> **TRY IT**
Scan the data for "locally" and copy the lines it appears in.

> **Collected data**
========
Lemma J0_kernel_form (q : R) : 0 < q <= pmax ->
  J0_kernel rho q = kernel_form (exp (- Gam_ext rho q)) (rho q / (rho q + q)).
Proof.
  intros Hq. pose proof (rho_pos q Hq).
  unfold J0_kernel, kernel_form, H0. rewrite Gam_ext_pos by lra. field. lra.
Qed.

Lemma J0_kernel_bound (q : R) : 0 < q <= pmax -> Rabs (J0_kernel rho q) <= 8.
Proof.
  intros Hq. pose proof (rho_pos q Hq).
  assert (Ha : 0 <= rho q / (rho q + q) <= 1).
  { split; [apply Rlt_le, Rdiv_lt_0_compat; lra|].
    apply (Rmult_le_reg_r (rho q + q)); [lra|]. field_simplify; lra. }
  assert (He : 0 < exp (- Gam_ext rho q) <= 1) by (apply exp_opp_nonneg_bound, Gam_ext_nonneg; lra).
  rewrite J0_kernel_form by exact Hq. apply Rabs_le_between.
  pose proof (kernel_form_bound _ _ He Ha). lra.
Qed.

Lemma rho_continuous_at (l : list R) (z : R) :
  (forall z, 0 <= z <= pmax -> ~ In z l ->
     filterlim rho (within (fun y => 0 <= y <= pmax) (locally z)) (locally (rho z))) ->
  0 < z < pmax -> ~ In z l -> continuous rho z.
Proof.
  intros Hc Hz Hzl. apply (continuous_of_continuous_in rho 0 pmax); [exact Hz|].
  apply continuous_in_filterlim, Hc; [lra | exact Hzl].
Qed.

Lemma ex_RInt_J0_kernel_piece (l : list R) (x y : R) :
  (forall z, 0 <= z <= pmax -> ~ In z l ->
     filterlim rho (within (fun y => 0 <= y <= pmax) (locally z)) (locally (rho z))) ->
  (forall z, 0 < z <= pmax -> exists L, filterlim rho (at_left z) (locally L)) ->
  (forall z, 0 <= z < pmax -> exists L, filterlim rho (at_right z) (locally L)) ->
  0 < x -> x < y -> y <= pmax -> (forall z, x < z < y -> ~ In z l) ->
  ex_RInt (J0_kernel rho) x y.
Proof.
  intros Hc Hl Hr Hx Hxy Hy Hz.
  destruct (continuous_nonneg_extension rho x y Hxy) as [phi [Hphi [Hphi0 Heq]]].
  - intros z Hz'. apply (rho_continuous_at l); [exact Hc | lra | auto].
  - intros z Hz'. apply Rlt_le, rho_pos. lra.
  - destruct (Hr x ltac:(lra)) as [L HL]. exists L. now apply lim_right_filterlim.
  - destruct (Hl y ltac:(lra)) as [L HL]. exists L. now apply lim_left_filterlim.
  - apply (ex_RInt_ext (V:=R_NormedModule)
      (fun z => kernel_form (exp (- Gam_ext rho (clamp x y z))) (phi z / (phi z + clamp x y z)))).
    + intros z Hz'. rewrite Rmin_left, Rmax_right in Hz' by lra.
      rewrite clamp_id, Heq, J0_kernel_form by lra. reflexivity.
    + apply (ex_RInt_continuous (V:=R_CompleteNormedModule)). intros z _.
      apply continuous_kernel_form; [apply continuous_exp_Gam_ext_clamp; lra|].
      pose proof (clamp_in x y z). pose proof (Hphi0 z).
      apply continuous_Rdiv; [apply Hphi | apply continuous_Rplus; [apply Hphi | apply continuous_clamp] | lra].
Qed.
========
> **SOLVED PROBLEM**
     filterlim rho (within (fun y => 0 <= y <= pmax) (locally z)) (locally (rho z))) ->
     filterlim rho (within (fun y => 0 <= y <= pmax) (locally z)) (locally (rho z))) ->
  (forall z, 0 < z <= pmax -> exists L, filterlim rho (at_left z) (locally L)) ->
  (forall z, 0 <= z < pmax -> exists L, filterlim rho (at_right z) (locally L)) ->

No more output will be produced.